[Source data]
++++++++
(* Let $\mathbf{C}$ be a cartesian closed category, $D$ a natural system on $\mathbf{C}$, and $D\to\mathbf{E}\xrightarrow{p}\mathbf{C}$ a linear extension of $\mathbf{C}$ by $D$. Then $D$ is a cartesian closed natural system if and only if $\mathbf{E}$ is cartesian closed and $p$ is a cartesian closed functor. Moreover, in that case, if $\mathbf{C}$ is given the structure of an $S$-sorted CCC $\iota:\mathbf{CFam}_S\to\mathbf{C}$, then there exists $\tilde\iota:\mathbf{CFam}_S\to\mathbf{E}$ making $\mathbf{E}$ an $S$-sorted CCC such that $p$ is a morphism of $S$-sorted CCCs.
   Context: The category of factorizations $F\mathbf{C}$ has as objects the morphisms of $\mathbf{C}$; a morphism $(a,b):f\to g$ from $f:A\to B$ to $g:A'\to B'$ is a pair $a:A'\to A$, $b:B\to B'$ with $bfa=g$. A natural system on $\mathbf{C}$ is a functor $D:F\mathbf{C}\to\mathbf{Ab}$; write $D_f=D(f)$, $a_*=D(1,a):D_f\to D_{af}$, $a^*=D(a,1):D_g\to D_{ga}$. A linear extension $D\to\mathbf{E}\xrightarrow{p}\mathbf{C}$ is a category $\mathbf{E}$ with a full, identity-on-objects functor $p$ and, for each $f$ in $\mathbf{C}$, a transitive free action $+:D_f\times p^{-1}(f)\to p^{-1}(f)$ such that $(\xi+\tilde f)\circ(\eta+\tilde g)=f_*\eta+g^*\xi+\tilde f\circ\tilde g$. $D$ is cartesian if for every $f:X\to X_1\times\dots\times X_n$ the map $D_f\to\prod_k D_{\pi_k f}$, $\xi\mapsto(\pi_{k*}\xi)_k$, is an isomorphism. For cartesian $D$, $g:X\to W$ and an object $Y$, $\phi_g:D_g\times D_{\pi_2}\to D_{g\times1_Y}$ is $\pi_1^*\times1$ followed by the inverse of the cartesian isomorphism $D_{g\times1_Y}\to D_{g\pi_1}\times D_{\pi_2}$. $D$ is cartesian closed if it is cartesian and for each $f:X\times Y\to Z$ the map $D_{\lambda f}\to D_f$, $\xi\mapsto\mathrm{ev}^Y_{Z*}\phi_{\lambda f}(\xi,0)$, is an isomorphism, where $\mathrm{ev}^Y_Z:Z^Y\times Y\to Z$ is evaluation and $\lambda f$ the curried morphism. $\mathsf{BiMag}_S$ is the set of formal expressions generated from the elements of $S$ and $1$ by $X\times Y$ and $Y^X$; $\mathbf{CFam}_S$ is the free cartesian closed category with object set $\mathsf{BiMag}_S$ and no generating morphisms. An $S$-sorted CCC is a CCC $\mathbf{C}$ with $\mathrm{Ob}(\mathbf{C})=\mathsf{BiMag}_S$ and a cartesian closed identity-on-objects functor $\iota:\mathbf{CFam}_S\to\mathbf{C}$; a morphism of $S$-sorted CCCs is a functor $F$ with $F\circ\iota=\iota'$. *)

From mathcomp Require Import all_boot all_algebra.
Set Implicit Arguments.
Unset Strict Implicit.
Unset Printing Implicit Defensive.
Import GRing.Theory.
Local Open Scope ring_scope.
++++++++
What you have to do: The data, all of it, should be transcribed exactly.

Response for this exercise:
(* Let $\mathbf{C}$ be a cartesian closed category, $D$ a natural system on $\mathbf{C}$, and $D\to\mathbf{E}\xrightarrow{p}\mathbf{C}$ a linear extension of $\mathbf{C}$ by $D$. Then $D$ is a cartesian closed natural system if and only if $\mathbf{E}$ is cartesian closed and $p$ is a cartesian closed functor. Moreover, in that case, if $\mathbf{C}$ is given the structure of an $S$-sorted CCC $\iota:\mathbf{CFam}_S\to\mathbf{C}$, then there exists $\tilde\iota:\mathbf{CFam}_S\to\mathbf{E}$ making $\mathbf{E}$ an $S$-sorted CCC such that $p$ is a morphism of $S$-sorted CCCs.
   Context: The category of factorizations $F\mathbf{C}$ has as objects the morphisms of $\mathbf{C}$; a morphism $(a,b):f\to g$ from $f:A\to B$ to $g:A'\to B'$ is a pair $a:A'\to A$, $b:B\to B'$ with $bfa=g$. A natural system on $\mathbf{C}$ is a functor $D:F\mathbf{C}\to\mathbf{Ab}$; write $D_f=D(f)$, $a_*=D(1,a):D_f\to D_{af}$, $a^*=D(a,1):D_g\to D_{ga}$. A linear extension $D\to\mathbf{E}\xrightarrow{p}\mathbf{C}$ is a category $\mathbf{E}$ with a full, identity-on-objects functor $p$ and, for each $f$ in $\mathbf{C}$, a transitive free action $+:D_f\times p^{-1}(f)\to p^{-1}(f)$ such that $(\xi+\tilde f)\circ(\eta+\tilde g)=f_*\eta+g^*\xi+\tilde f\circ\tilde g$. $D$ is cartesian if for every $f:X\to X_1\times\dots\times X_n$ the map $D_f\to\prod_k D_{\pi_k f}$, $\xi\mapsto(\pi_{k*}\xi)_k$, is an isomorphism. For cartesian $D$, $g:X\to W$ and an object $Y$, $\phi_g:D_g\times D_{\pi_2}\to D_{g\times1_Y}$ is $\pi_1^*\times1$ followed by the inverse of the cartesian isomorphism $D_{g\times1_Y}\to D_{g\pi_1}\times D_{\pi_2}$. $D$ is cartesian closed if it is cartesian and for each $f:X\times Y\to Z$ the map $D_{\lambda f}\to D_f$, $\xi\mapsto\mathrm{ev}^Y_{Z*}\phi_{\lambda f}(\xi,0)$, is an isomorphism, where $\mathrm{ev}^Y_Z:Z^Y\times Y\to Z$ is evaluation and $\lambda f$ the curried morphism. $\mathsf{BiMag}_S$ is the set of formal expressions generated from the elements of $S$ and $1$ by $X\times Y$ and $Y^X$; $\mathbf{CFam}_S$ is the free cartesian closed category with object set $\mathsf{BiMag}_S$ and no generating morphisms. An $S$-sorted CCC is a CCC $\mathbf{C}$ with $\mathrm{Ob}(\mathbf{C})=\mathsf{BiMag}_S$ and a cartesian closed identity-on-objects functor $\iota:\mathbf{CFam}_S\to\mathbf{C}$; a morphism of $S$-sorted CCCs is a functor $F$ with $F\circ\iota=\iota'$. *)

From mathcomp Require Import all_boot all_algebra.
Set Implicit Arguments.
Unset Strict Implicit.
Unset Printing Implicit Defensive.
Import GRing.Theory.
Local Open Scope ring_scope.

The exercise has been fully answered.